I've been using cloud-based coding assistants and local LLMs heavily since they first came out. Partly out of idle curiosity at first, but as the models have improved and the tooling ecosystem has grown, I see valid, powerful use cases everywhere. I still don't feel like it's the earth-shattering revolution that the marketing teams try to portray, but they can handle real work nowadays.

Or they can, if you take your hands off the reins a little and give them some space to work in. Now, I'm not saying you can one-shot the next TikTok-beater with vibe coding alone. But with a little knowledge of how LLMs work under the hood, and more structured prompting, you can get pretty impressive results.

The prompting issue

We're so far past basic chatbots

Whether you're prompting a local or cloud-based LLM, everything runs on tokens. Your initial prompt is turned into tokens; the response is generated bit-by-bit from probability calculations and turned into more tokens, and so on. The problem here is that each model has a context window, which is the number of tokens it can handle at once. And since everything uses tokens, it fills up quickly.

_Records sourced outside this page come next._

(* Let $b>0$. For $R>0$ define, for $r>0$, \[ \begin{aligned} \underline u_{\rm out}(r) &= Lr^{-m} - br^{-l} \log \frac{r}{R},\\ \underline v_{\rm out}(r) &= m(n-2-m)Lr^{-m-2} +\Big[- l(n-2-l) \log \frac{r}{R} + (n-2-2l)\Big]br^{-l-2},\\ \underline w_{\rm out}(r) &= m(m+2)(n-2-m)(n-4-m)Lr^{-m-4} - l(l+2)(n-2-l)(n-4-l)br^{-l-4} \log \frac{r}{R} \\ &\qquad + (n-2-2l)(l+2)(n-4-l) b r^{-l-4}, \end{aligned} \] and \[ \underline r_1 = \sup\{ r>0 : \underline u_{\rm out}(r) \leqslant 0 \},\quad \underline r_2 = \sup\{ r>0 : \underline v_{\rm out}(r) \leqslant 0 \},\quad \underline r_3 = \sup\{ r>0 : \underline w_{\rm out}(r) \leqslant 0 \}. \] Then there exists $R>0$ such that $\underline r_1,\underline r_2,\underline r_3$ are well defined and \[ R<\underline r_1<\underline r_2<\underline r_3<+\infty . \]
   Context: Let $n\geqslant 15$ and $p=p_{\mathsf{JL}}(6,n)$, where $p_{\mathsf{JL}}(6,n)=\frac{(n+4)\sqrt{3} - \sqrt{\sqrt[3]{K_0+K_1}+ \sqrt[3]{K_0-K_1} + 3n^2+32 }}{(n-8)\sqrt{3} - \sqrt{\sqrt[3]{K_0+K_1} + \sqrt[3]{K_0-K_1} + 3n^2+32 }}$ with $2K_0 =-27n^6+324 n^5-756n^4-2592 n^3 + 25776 n^2 +5184 n -23744$, $2K_1 = \sqrt{(2K_0)^2 - 4(192n^2+256)^3}$. Let $m=6/(p-1)$, $L=\big(m(m+2)(m+4)(n-2-m)(n-4-m)(n-6-m)\big)^{1/(p-1)}$, let $\lambda_3$ be the smallest positive root of $P(\lambda)=(m+\lambda)(m+\lambda+2)(m+\lambda+4)(n-2-m-\lambda)(n-4-m-\lambda)(n-6-m-\lambda)-pL^{p-1}$, and set $l=m+\lambda_3$. *)

From Stdlib Require Import Reals Lra.
Open Scope R_scope.

Definition cbrt (x : R) : R :=
  if Rlt_dec 0 x then Rpower x (1/3)
  else if Rlt_dec x 0 then - Rpower (- x) (1/3) else 0.

Definition K0 (n : R) : R :=
  (-27*n^6 + 324*n^5 - 756*n^4 - 2592*n^3 + 25776*n^2 + 5184*n - 23744) / 2.
Definition K1 (n : R) : R :=
  sqrt ((2 * K0 n)^2 - 4 * (192*n^2 + 256)^3) / 2.

Definition pJL6 (n : R) : R :=
  let s := sqrt (cbrt (K0 n + K1 n) + cbrt (K0 n - K1 n) + 3*n^2 + 32) in
  ((n + 4) * sqrt 3 - s) / ((n - 8) * sqrt 3 - s).

Definition mexp (n : R) : R := 6 / (pJL6 n - 1).

Definition Lconst (n : R) : R :=
  let m := mexp n in
  Rpower (m*(m+2)*(m+4)*(n-2-m)*(n-4-m)*(n-6-m)) (1 / (pJL6 n - 1)).

Definition Ppoly (n lam : R) : R :=
  let m := mexp n in
  (m+lam)*(m+lam+2)*(m+lam+4)*(n-2-m-lam)*(n-4-m-lam)*(n-6-m-lam)
  - pJL6 n * Rpower (Lconst n) (pJL6 n - 1).

Definition u_out (n l b R0 r : R) : R :=
  let m := mexp n in let L := Lconst n in
  L * Rpower r (- m) - b * Rpower r (- l) * ln (r / R0).

Definition v_out (n l b R0 r : R) : R :=
  let m := mexp n in let L := Lconst n in
  m*(n-2-m)*L*Rpower r (-m-2)
  + (- l*(n-2-l) * ln (r / R0) + (n-2-2*l)) * b * Rpower r (-l-2).

Definition w_out (n l b R0 r : R) : R :=
  let m := mexp n in let L := Lconst n in
  m*(m+2)*(n-2-m)*(n-4-m)*L*Rpower r (-m-4)
  - l*(l+2)*(n-2-l)*(n-4-l)*b*Rpower r (-l-4) * ln (r / R0)
  + (n-2-2*l)*(l+2)*(n-4-l)*b*Rpower r (-l-4).

From Stdlib Require Import Reals Lra Psatz.
Open Scope R_scope.

(* Put r = R0 e^x and la = l - m > 0.  Normalising R0 by L R0^la = b e^(-la K),
   each of u_out, v_out, w_out becomes a negative multiple of a concave function
   a x - c - d e^(la (x - K)) with d > 0, so r_i = R0 e^(x_i) where x_i is the
   last zero of the i-th function.  At x1 the exponential equals x1, so the
   second function is affine there, with slope (l - m) (n - 2 - l - m); at x2 the
   exponential is fixed by the second equation, so the third function is, up to
   a positive factor, affine with slope proportional to (l - m) (n - 6 - l - m).
   Both slopes are positive: m < (n - 6) / 2 by Cardano's formula for p, and
   l <= (n - 6) / 2 because P is nonnegative at the midpoint, so its first
   positive root comes earlier.  Taking K large then gives K <= x1 < x2 < x3. *)

Lemma Rpower_third_pow3 x : 0 < x -> Rpower x (1 / 3) ^ 3 = x.
Proof.
  intro Hx. rewrite <- Rpower_pow by apply exp_pos.
  rewrite Rpower_mult. replace (1 / 3 * INR 3) with 1 by (simpl; field).
  exact (Rpower_1 x Hx).
Qed.

Lemma cbrt_pow3 a : cbrt a ^ 3 = a.
Proof.
  unfold cbrt. destruct (Rlt_dec 0 a) as [Ha|Ha]; [exact (Rpower_third_pow3 a Ha)|].
  destruct (Rlt_dec a 0) as [Ha'|Ha']; [|simpl; lra].
  replace ((- Rpower (- a) (1 / 3)) ^ 3) with (- (Rpower (- a) (1 / 3) ^ 3)) by ring.
  rewrite Rpower_third_pow3 by lra. ring.
Qed.

Lemma pow3_lt a c : a < c -> a ^ 3 < c ^ 3.
Proof.
  intro H.
  assert (E : c ^ 3 - a ^ 3 = (c - a) ^ 3 / 4 + 3 / 4 * (c - a) * (a + c) ^ 2) by field.
  assert (0 < (c - a) ^ 3) by (apply pow_lt; lra).
  assert (0 <= 3 / 4 * (c - a) * (a + c) ^ 2) by (apply Rmult_le_pos; [lra | apply pow2_ge_0]).
  lra.
Qed.

Lemma pow3_inj a c : a ^ 3 = c ^ 3 -> a = c.
Proof.
  intro H. destruct (Rtotal_order a c) as [Hac|[Hac|Hac]]; [|exact Hac|];
    apply pow3_lt in Hac; lra.
Qed.

Lemma cardano_sum k0 k1 x : k1 ^ 2 = k0 ^ 2 - x ^ 3 ->
  let y := cbrt (k0 + k1) + cbrt (k0 - k1) in y ^ 3 - 3 * x * y = 2 * k0.
Proof.
  intros Hk y.
  assert (Huv : cbrt (k0 + k1) * cbrt (k0 - k1) = x).
  { apply pow3_inj. rewrite Rpow_mult_distr, !cbrt_pow3. lra. }
  transitivity (cbrt (k0 + k1) ^ 3 + cbrt (k0 - k1) ^ 3
                + 3 * (cbrt (k0 + k1) * cbrt (k0 - k1) - x) * y); [unfold y; ring|].
  rewrite Huv, !cbrt_pow3. ring.
Qed.

Lemma depressed_cubic_root_lt x c y y0 :
  y ^ 3 - 3 * x * y = c -> 4 * x < y0 ^ 2 -> c < y0 ^ 3 - 3 * x * y0 -> y < y0.
Proof.
  intros Hy Hx Hc.
  assert (Hf : (y - y0) * ((y + y0 / 2) ^ 2 + 3 / 4 * (y0 ^ 2 - 4 * x))
               = c - (y0 ^ 3 - 3 * x * y0)) by (rewrite <- Hy; field).
  assert (0 <= (y + y0 / 2) ^ 2) by apply pow2_ge_0.
  nra.
Qed.

(* After the substitution N = c + k, the goal is a polynomial in k >= 0 whose
   coefficients are all nonnegative. *)
Ltac positivity_above c N :=
  let k := fresh "k" in let Hk := fresh "Hk" in
  assert (Hk : 0 <= N - c) by lra;
  replace N with (c + (N - c)) by ring;
  generalize (N - c) Hk; clear; intros k Hk; field_simplify;
  repeat (first [ lra | apply Rplus_le_lt_0_compat | apply Rplus_le_le_0_compat
                | apply Rmult_le_pos | apply pow_le ]).

Lemma K1_sq N : 15 <= N -> K1 N ^ 2 = K0 N ^ 2 - (192 * N ^ 2 + 256) ^ 3.
Proof.
  intro HN.
  assert (Hdisc : 0 <= (2 * K0 N) ^ 2 - 4 * (192 * N ^ 2 + 256) ^ 3)
    by (unfold K0; positivity_above 15 N).
  unfold K1, Rdiv. rewrite Rpow_mult_distr, <- Rsqr_pow2, Rsqr_sqrt by exact Hdisc.
  field.
Qed.

(* The bracket y0 = 160 - 48 N is chosen so that y0 + 3 N^2 + 32 = 3 (N - 8)^2. *)
Lemma jl_cardano_sum_lt N : 15 <= N ->
  cbrt (K0 N + K1 N) + cbrt (K0 N - K1 N) < 160 - 48 * N.
Proof.
  intro HN. apply (depressed_cubic_root_lt (192 * N ^ 2 + 256) (2 * K0 N)).
  - exact (cardano_sum _ _ _ (K1_sq N HN)).
  - nra.
  - apply Rlt_0_minus. unfold K0. positivity_above 15 N.
Qed.

Lemma jl_sqrt_lt N : 15 <= N ->
  sqrt (cbrt (K0 N + K1 N) + cbrt (K0 N - K1 N) + 3 * N ^ 2 + 32) < (N - 8) * sqrt 3.
Proof.
  intro HN. assert (Hy := jl_cardano_sum_lt N HN).
  set (z := cbrt (K0 N + K1 N) + cbrt (K0 N - K1 N) + 3 * N ^ 2 + 32).
  assert (H3 : 0 < sqrt 3) by (apply sqrt_lt_R0; lra).
  destruct (Rle_or_lt z 0) as [Hz|Hz].
  - rewrite sqrt_neg_0 by exact Hz. nra.
  - replace ((N - 8) * sqrt 3) with (sqrt ((N - 8) ^ 2 * 3))
      by (rewrite sqrt_mult, sqrt_pow2 by nra; lra).
    apply sqrt_lt_1; unfold z in *; nra.
Qed.

Lemma jl_exponent_bounds N s : 0 <= s < (N - 8) * sqrt 3 ->
  let p := ((N + 4) * sqrt 3 - s) / ((N - 8) * sqrt 3 - s) in
  1 < p /\ 0 < 6 / (p - 1) < (N - 6) / 2.
Proof.
  intros Hs p. assert (H3 : 0 < sqrt 3) by (apply sqrt_lt_R0; lra).
  assert (Ep : p - 1 = 12 * sqrt 3 / ((N - 8) * sqrt 3 - s)) by (unfold p; field; lra).
  assert (Em : 6 / (p - 1) = ((N - 8) * sqrt 3 - s) / (2 * sqrt 3))
    by (rewrite Ep; field; lra).
  rewrite Em. split; [|split].
  - enough (0 < p - 1) by lra. rewrite Ep. apply Rdiv_lt_0_compat; lra.
  - apply Rdiv_lt_0_compat; lra.
  - apply Rmult_lt_reg_r with (2 * sqrt 3); [lra|].
    unfold Rdiv. rewrite Rmult_assoc, Rinv_l by lra. nra.
Qed.

Lemma pJL6_gt_1 N : 15 <= N -> 1 < pJL6 N.
Proof.
  intro HN. apply jl_exponent_bounds. split; [apply sqrt_pos | exact (jl_sqrt_lt N HN)].
Qed.

Lemma mexp_bounds N : 15 <= N -> 0 < mexp N < (N - 6) / 2.
Proof.
  intro HN. apply jl_exponent_bounds. split; [apply sqrt_pos | exact (jl_sqrt_lt N HN)].
Qed.

Definition jl_poly (N s : R) : R :=
  s * (s + 2) * (s + 4) * (N - 2 - s) * (N - 4 - s) * (N - 6 - s).

Lemma jl_poly_pos N s : 0 < s < N - 6 -> 0 < jl_poly N s.
Proof. intro Hs. unfold jl_poly. repeat apply Rmult_lt_0_compat; lra. Qed.

(* With t = s (N - 6 - s) the polynomial is h t = t (t + 2N - 8) (t + 4N - 8) and
   t <= T, its value at the midpoint; h T - h t is (T - t) times a quadratic in t
   with nonpositive discriminant. *)
Lemma jl_poly_le_mid N s : 10 <= N -> jl_poly N s <= jl_poly N ((N - 6) / 2).
Proof.
  intro HN. set (t := s * (N - 6 - s)). set (T := (N - 6) ^ 2 / 4).
  assert (E : jl_poly N ((N - 6) / 2) - jl_poly N s
              = (T - t) * ((t + (T + 6 * N - 16) / 2) ^ 2
                           + (3 * T ^ 2 + 2 * (6 * N - 16) * T - 4 * N ^ 2) / 4))
    by (unfold jl_poly, t, T; field).
  assert (HtT : T - t = (s - (N - 6) / 2) ^ 2) by (unfold T, t; field).
  assert (Hdisc : 0 <= 3 * T ^ 2 + 2 * (6 * N - 16) * T - 4 * N ^ 2)
    by (unfold T; positivity_above 10 N).
  enough (0 <= jl_poly N ((N - 6) / 2) - jl_poly N s) by lra.
  rewrite E, HtT. apply Rmult_le_pos; [apply pow2_ge_0|].
  pose proof (pow2_ge_0 (t + (T + 6 * N - 16) / 2)). lra.
Qed.

Lemma Ppoly_eq N lam : 15 <= N ->
  Ppoly N lam = jl_poly N (mexp N + lam) - pJL6 N * jl_poly N (mexp N).
Proof.
  intro HN. assert (Hp := pJL6_gt_1 N HN).
  assert (HQ : 0 < jl_poly N (mexp N))
    by (apply jl_poly_pos; pose proof (mexp_bounds N HN); lra).
  assert (EL : Rpower (Lconst N) (pJL6 N - 1) = jl_poly N (mexp N)).
  { unfold Lconst. cbv zeta. rewrite Rpower_mult.
    replace (1 / (pJL6 N - 1) * (pJL6 N - 1)) with 1 by (field; lra).
    exact (Rpower_1 _ HQ). }
  unfold Ppoly. cbv zeta. rewrite EL. unfold jl_poly. ring.
Qed.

Now, studies have shown that being ruder or using brevity in your prompts and responses improves the accuracy of results. While it's tempting to anthropomorphize the LLM into a person, don't. It doesn't understand manners, at least not in the context we do. But those shorter prompts help by using fewer tokens, and brevity aligns with the high-quality technical literature the models were trained on.

Instead of treating your chatbot as a conversational partner, drop all courtesies and treat it as a direct list of specifications to follow. LLMs don't handle ambiguous questions well and are more likely to make mistakes if you prompt them that way. Be pragmatic, use brevity, and you'll get results. Anthropic has a fantastic doc on best practices when prompting that will help anyone, even if you're using a different LLM.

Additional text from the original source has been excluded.